Epifluorescence microscopy of spread monolayers of PSLE
Epifluorescence microscopy and surface pressure (
)-area
measurements of solvent-spread monolayers of PSLE were performed on a
surface balance whose construction and operation have been described
previously (Nag et al., 1990
, 1991
). Monolayers of PSLE were spread
from chloroform/methanol 3:1 (v/v) onto a buffered saline subphase (145 mM NaCl, 5 mM Tris, pH 6.9) containing 0, 0.13, or 0.16 µg/ml SP-A or
0.16 µg/ml TR-SP-A. All experiments were performed at 21 ± 2°C in the absence or presence of 1.64 or 5 mM
Ca2+ in the subphase. The monolayer was initially
compressed to a surface pressure of 10 mN/m, then expanded to the
initial spreading pressure (~0 mN/m) and allowed to stand for 1 h. By initially compressing the monolayer, the transition of the lipids
to gel phase is initiated and it has been suggested that the creation of fluid/gel phase boundaries may be needed to initiate the interaction of SP-A with the monolayer (Ruano et al., 1998
).
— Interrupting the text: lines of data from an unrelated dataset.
Lemma filtMD i x y : filtM m i x -> filtM m i y -> filtM m i (x + y).
Proof.
move=> [s [s_mpow ->]] [t [t_mpow ->]]; exists (s ++ t); rewrite big_cat.
by split => // q; rewrite mem_cat => /orP [/s_mpow | /t_mpow].
Qed.

Lemma filtM_deg0 x : filtM m 0 x.
Proof. by exists [:: (1, x)]; rewrite big_seq1 scale1r. Qed.

Lemma filtM_mpowZ k i r x : mpow m k r -> filtM m i x -> filtM m (k + i) (r *: x).
Proof.
move=> r_mpow [s [s_mpow ->]]; exists [seq (r * q.1, q.2) | q <- s]; split.
  by move=> _ /mapP [q /s_mpow q1_mpow ->]; apply: mpow_mul.
by rewrite big_map scaler_sumr; apply: eq_bigr => q _; rewrite scalerA.
Qed.

Lemma filtMZ i a x : filtM m i x -> filtM m i (a *: x).
Proof.
move=> [s [s_mpow ->]]; exists [seq (q.1, a *: q.2) | q <- s]; split.
  by move=> _ /mapP [q /s_mpow ? ->].
by rewrite big_map scaler_sumr; apply: eq_bigr => q _; rewrite !scalerA mulrC.
Qed.

Lemma filtMN i x : filtM m i (- x) <-> filtM m i x.
Proof. by split => /(filtMZ (-1)); rewrite scaleN1r ?opprK. Qed.

Lemma filtMB i x y : filtM m i x -> filtM m i y -> filtM m i (x - y).
Proof. by move=> fx /filtMN; apply: filtMD. Qed.

End Module.

Lemma filtM_linear (V W : lmodType R) (g : {linear V -> W}) i j v :
  (forall u, filtM m j (g u)) -> filtM m i v -> filtM m (i + j) (g v).
Proof.
move=> g_filt [s [s_mpow ->]]; rewrite linear_sum big_seq.
apply: big_ind => [|? ?|q /s_mpow q1_mpow]; first exact: filtM0.
  exact: filtMD.
by rewrite linearZ; apply: filtM_mpowZ.
Qed.

Lemma filtM_bilinear (U V W : lmodType R) (f : {bilinear U -> V -> W}) i j x y :
  filtM m i x -> filtM m j y -> filtM m (i + j) (f x y).
Proof.
move=> fx fy; have fuy u : filtM m j (f u y).
  by rewrite -[j]addn0; apply: (filtM_linear (g := f u)) fy => v; apply: filtM_deg0.
exact: (filtM_linear (g := applyr f y)) fx.
Qed.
To obtain
pressure-area isotherms for the purpose of comparisons between these
and previously studied systems, monolayers were compressed at a rate of
4 Å2/molecule/s in 30 increments. For the
purpose of visualization of monolayer surface, pressure-area isotherms
were obtained by compressing monolayers at a rate of 0.0089 Å2/molecule/s in 30 increments. These rates are
calculated from the total time required for full compression of the
film, which includes periodic compression followed by short periods of
no compression, during which visual images of the monolayer are
acquired. Monolayer surface features were observed through a 40×
objective lens, and images were videorecorded for 1 min after each
incremental compression. By switching light filters, NBD fluorescence
and TR fluorescence observation could be alternated. Image analysis was
performed using JAVA 1.3 software (Jandel Scientific, Corte Madera,
CA). Ten images were randomly selected from the videotape for each
related pressure, and they were digitized. The number and size of dark
domains for each image was determined from a set area of interest
(AOI). The AOI encompassed ~80% of the television screen size and
was held constant for each analysis. The percentage of the monolayer
region that excluded the probe in the images (percent dark) was
calculated. This methodology has been used previously to observe lipid
monolayers and has been discussed in detail elsewhere (Nag and Keough,
1993
; Nag et al., 1991
).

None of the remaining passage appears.